Industry 4.0 has been around for years. Surprised? You shouldn’t be. Industry greats like John Broadbent, Founder of Realise Potential, have been exploring the benefits of a new era of manufacturing technology since the early ’90s.

Part 1 of Zen and the Art of Manufacturing, features Bryan Sapot, Mingo CEO and John Broadbent exploring the history of industry 4.0, how it’s expanded throughout the years, why stewardship is essential to executing industry 4.0 initiatives, and tips for implementing it at your own plant.

This episode embodies the past, present, and future of industry 4.0 and John’s name for the role key to encouraging industry 4.0 growth – stewardship.

“By doing these things, you will improve across the board.”

In the second part of John Broadbent’s interview with Mingo’s Founder and CEO, Bryan Sapot, the two discuss getting started with Industry 4.0 and why it doesn’t need to be hard or expensive.

According to John, you may need to enact Industry 3.0 first, and that’s ok, but at least you’re starting somewhere. The concept of a connected, smart manufacturer isn’t going anywhere. It’s a proven idea. But, if you get on the horse, you’re entering the race and working towards that idea.“We’ve got a decade of information and experience to show this stuff does work.”

Key Takeaways

The concept of a smart factory has been around for a long time

John Broadbent has experienced many of the different iterations of Industry 4.0, having begun his career in the early-90’s. Back then, the concept of a smart factory was more complex and challenging to accomplish, but nonetheless, the concept has been around for a while. While there is always room for growth, Industry 4.0 and the smart factory has given us the ability to integrate systems that may not have talked to each other previously.

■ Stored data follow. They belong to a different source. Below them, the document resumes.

(* Let $k\geq1$ and let $w$ be a reduced word on $\{\alpha_k^{\pm1},\dots,\alpha_1^{\pm1},\beta^{\pm1}\}$. For every finite subset $F$ of the vertex set $X$ of the pre-graph $G_0$, there is an extension $G$ of $G_0$ (with labels in $\{\alpha_k^{\pm1},\dots,\alpha_1^{\pm1},\beta^{\pm1}\}$) such that the path $P(w,v_0)$ embeds in $G$, the image of $P(w,v_0)$ in $G$ contains no vertex of $F$, and $G\setminus G_0$ (the set of edges of $G$ not in $G_0$) is finite.
   Context: A graph consists of a vertex set $V$, an edge set $E$, a fixed-point-free involution $e\mapsto\bar e$ on $E$, and maps $i,t:E\to V$ (initial and terminal vertex) with $i(\bar e)=t(e)$. A labeling on $S^{\pm1}=S\cup S^{-1}$ is a map $l:E\to S^{\pm1}$ with $l(\bar e)=l(e)^{-1}$. A labeled graph is well-labeled if $i(e)=i(e')$ and $l(e)=l(e')$ imply $e=e'$. A homomorphism of labeled graphs maps vertices to vertices and edges to edges, preserving $i$, $t$ and labels; an embedding is an injective homomorphism. A word $w_m\cdots w_1$ is reduced if $w_{j+1}\neq w_j^{-1}$ for all $j$. For a reduced word $w=w_m\cdots w_1$, the path $P(w,v_0)$ is the labeled graph with $m+1$ distinct vertices $v_0,v_1,\dots,v_m$ and directed edges $e_1,\dots,e_m$ (together with their inverses) where $e_j$ goes from $v_{j-1}$ to $v_j$ and has label $w_j$. Let $X$ be an infinite countable set and $\beta$ a permutation of $X$ acting simply transitively (so $X\cong\mathbb{Z}$ and $\beta$ is $x\mapsto x+1$). The pre-graph $G_0$ has vertex set $X$ and, for each $x\in X$, one directed edge from $x$ to $\beta(x)$ labeled $\beta$ (together with its inverse edge, labeled $\beta^{-1}$). An extension of $G_0$ is a well-labeled graph labeled on $\{\alpha_k^{\pm1},\dots,\alpha_1^{\pm1},\beta^{\pm1}\}$ which contains $G_0$ and has vertex set exactly $X$. *)

From Stdlib Require Import List.
From mathcomp Require Import all_boot all_order all_algebra.
Set Implicit Arguments. Unset Strict Implicit. Unset Printing Implicit Defensive.
Import GRing.Theory Num.Theory.

(* Generators: [None] is beta, [Some i] (i : 'I_k) is alpha_(i+1).
   A letter is a generator together with an exponent sign:
   (g, true) = g, (g, false) = g^{-1}. *)
Definition gen (k : nat) := option 'I_k.
Definition letter (k : nat) := (gen k * bool)%type.
Definition linv {k : nat} (a : letter k) : letter k := (a.1, ~~ a.2).
Definition beta_l {k : nat} : letter k := (None, true).

Record lgraph (k : nat) (V : Type) := LGraph {
  edge : Type;
  ebar : edge -> edge;
  src : edge -> V;
  tgt : edge -> V;
  lab : edge -> letter k;
  ebarK : forall e, ebar (ebar e) = e;
  ebar_nofix : forall e, ebar e <> e;
  src_bar : forall e, src (ebar e) = tgt e;
  lab_bar : forall e, lab (ebar e) = linv (lab e) }.

Arguments edge {k V} _.
Arguments ebar {k V} _ _.
Arguments src {k V} _ _.
Arguments tgt {k V} _ _.
Arguments lab {k V} _ _.

Definition well_labeled {k : nat} {V : Type} (G : lgraph k V) : Prop :=
  forall e e' : edge G, src G e = src G e' -> lab G e = lab G e' -> e = e'.

Definition is_hom {k : nat} {V W : Type} (G : lgraph k V) (H : lgraph k W)
  (fV : V -> W) (fE : edge G -> edge H) : Prop :=
  forall e : edge G,
    src H (fE e) = fV (src G e) /\ tgt H (fE e) = fV (tgt G e) /\
    lab H (fE e) = lab G e.
Arguments is_hom {k V W} G H fV fE.

Definition is_embedding {k : nat} {V W : Type} (G : lgraph k V) (H : lgraph k W)
  (fV : V -> W) (fE : edge G -> edge H) : Prop :=
  is_hom G H fV fE /\ injective fV /\ injective fE.
Arguments is_embedding {k V W} G H fV fE.

(* Reduced words. The list [w] = [:: w_1; ...; w_m] stores the word
   w_m ... w_1 in reading order of the path (w_1 first). *)
Definition reduced {k : nat} (w : seq (letter k)) : Prop :=
  forall j, j.+1 < size w -> nth beta_l w j.+1 <> linv (nth beta_l w j).

(* The path P(w, v_0): vertices v_0..v_m = 'I_m.+1, edge (j, true) goes from
   v_j to v_(j+1) with label w_(j+1); (j, false) is its inverse edge. *)
Section Path.
Variables (k : nat) (w : seq (letter k)).
Let m := size w.
Definition pedge := ('I_m * bool)%type.
Definition pbar (e : pedge) : pedge := (e.1, ~~ e.2).
Definition psrc (e : pedge) : 'I_m.+1 :=
  if e.2 then inord e.1 else inord e.1.+1.
Definition ptgt (e : pedge) : 'I_m.+1 :=
  if e.2 then inord e.1.+1 else inord e.1.
Definition plab (e : pedge) : letter k :=
  if e.2 then nth beta_l w e.1 else linv (nth beta_l w e.1).
Lemma pbarK e : pbar (pbar e) = e. Proof. by case: e => a []. Qed.
Lemma pbar_nofix e : pbar e <> e. Proof. by case: e => a [] []. Qed.
Lemma psrc_bar e : psrc (pbar e) = ptgt e. Proof. by case: e => a []. Qed.
Lemma plab_bar e : plab (pbar e) = linv (plab e).
Proof. case: e => a [] //=; rewrite /plab /=; case: (nth _ _ _) => g b //=; by rewrite /linv /= negbK. Qed.
Definition path_graph : lgraph k 'I_m.+1 :=
  @LGraph k 'I_m.+1 pedge pbar psrc ptgt plab pbarK pbar_nofix psrc_bar plab_bar.
End Path.

(* The pre-graph G_0 on X = int, beta acting as x |-> x + 1:
   edge (x, true) goes from x to x+1 labeled beta, (x, false) is its inverse. *)
Section PreGraph.
Variable k : nat.
Definition g0edge := (int * bool)%type.
Definition g0bar (e : g0edge) : g0edge := (e.1, ~~ e.2).
Definition g0src (e : g0edge) : int := if e.2 then e.1 else (e.1 + 1)%R.
Definition g0tgt (e : g0edge) : int := if e.2 then (e.1 + 1)%R else e.1.
Definition g0lab (e : g0edge) : letter k := (None, e.2).
Lemma g0barK e : g0bar (g0bar e) = e. Proof. by case: e => a []. Qed.
Lemma g0bar_nofix e : g0bar e <> e. Proof. by case: e => a [] []. Qed.
Lemma g0src_bar e : g0src (g0bar e) = g0tgt e. Proof. by case: e => a []. Qed.
Lemma g0lab_bar e : g0lab (g0bar e) = linv (g0lab e). Proof. by case: e => a []. Qed.
Definition G0 : lgraph k int :=
  @LGraph k int g0edge g0bar g0src g0tgt g0lab g0barK g0bar_nofix g0src_bar g0lab_bar.
End PreGraph.

Definition extension_via {k : nat} (G : lgraph k int) (incl : edge (G0 k) -> edge G) : Prop :=
  well_labeled G /\ is_embedding (G0 k) G id incl.

Definition finite_complement {k : nat} (G : lgraph k int) (incl : edge (G0 k) -> edge G) : Prop :=
  exists l : list (edge G), forall e : edge G, (forall e0, incl e0 <> e) -> In e l.
Arguments extension_via {k} G incl.
Arguments finite_complement {k} G incl.

(* Place the vertices of P(w, v_0) on the integers, far to the right of F:
   a letter beta^{+-1} moves by +-1, so every beta-edge of the path is already
   an edge of G_0, and a letter alpha_i^{+-1} moves by L = |w| + 1.  The
   placement is injective: a stretch of the path containing an alpha-letter
   moves by at least L - (|w| - 1) > 0, and a stretch without one is, since w
   is reduced, a nonempty power of a single letter beta^{+-1}.  Adding the
   placed alpha-edges of the path to G_0 then gives a well-labeled graph,
   because P(w, v_0) is itself well-labeled when w is reduced. *)

From Stdlib Require Import List.
From mathcomp Require Import all_boot all_order all_algebra lra.
Set Implicit Arguments. Unset Strict Implicit. Unset Printing Implicit Defensive.
Import Order.TTheory GRing.Theory Num.Theory.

It’s given us visibility into our plants, on all levels. There is no doubt these concepts will continue to grow and evolve, but one thing is definite – the level of visibility and connectedness has and will continue to profoundly help manufacturers.

Hub & spoke is the only way to organize the smart factory

As the concept of a smart factory grew so did all of the technologies available to manufacturers. There needed to be a way to effectively organize all of the software systems and how they work together in a smart factory. How could manufacturers connect these systems and get complete visibility into their processes? Cue hub and spoke.

The hub is the integration platform, and each spoke is the branches, or the systems connecting to the overarching platform. You don’t need to worry about cross integrations because these spokes sit out there as islands essentially.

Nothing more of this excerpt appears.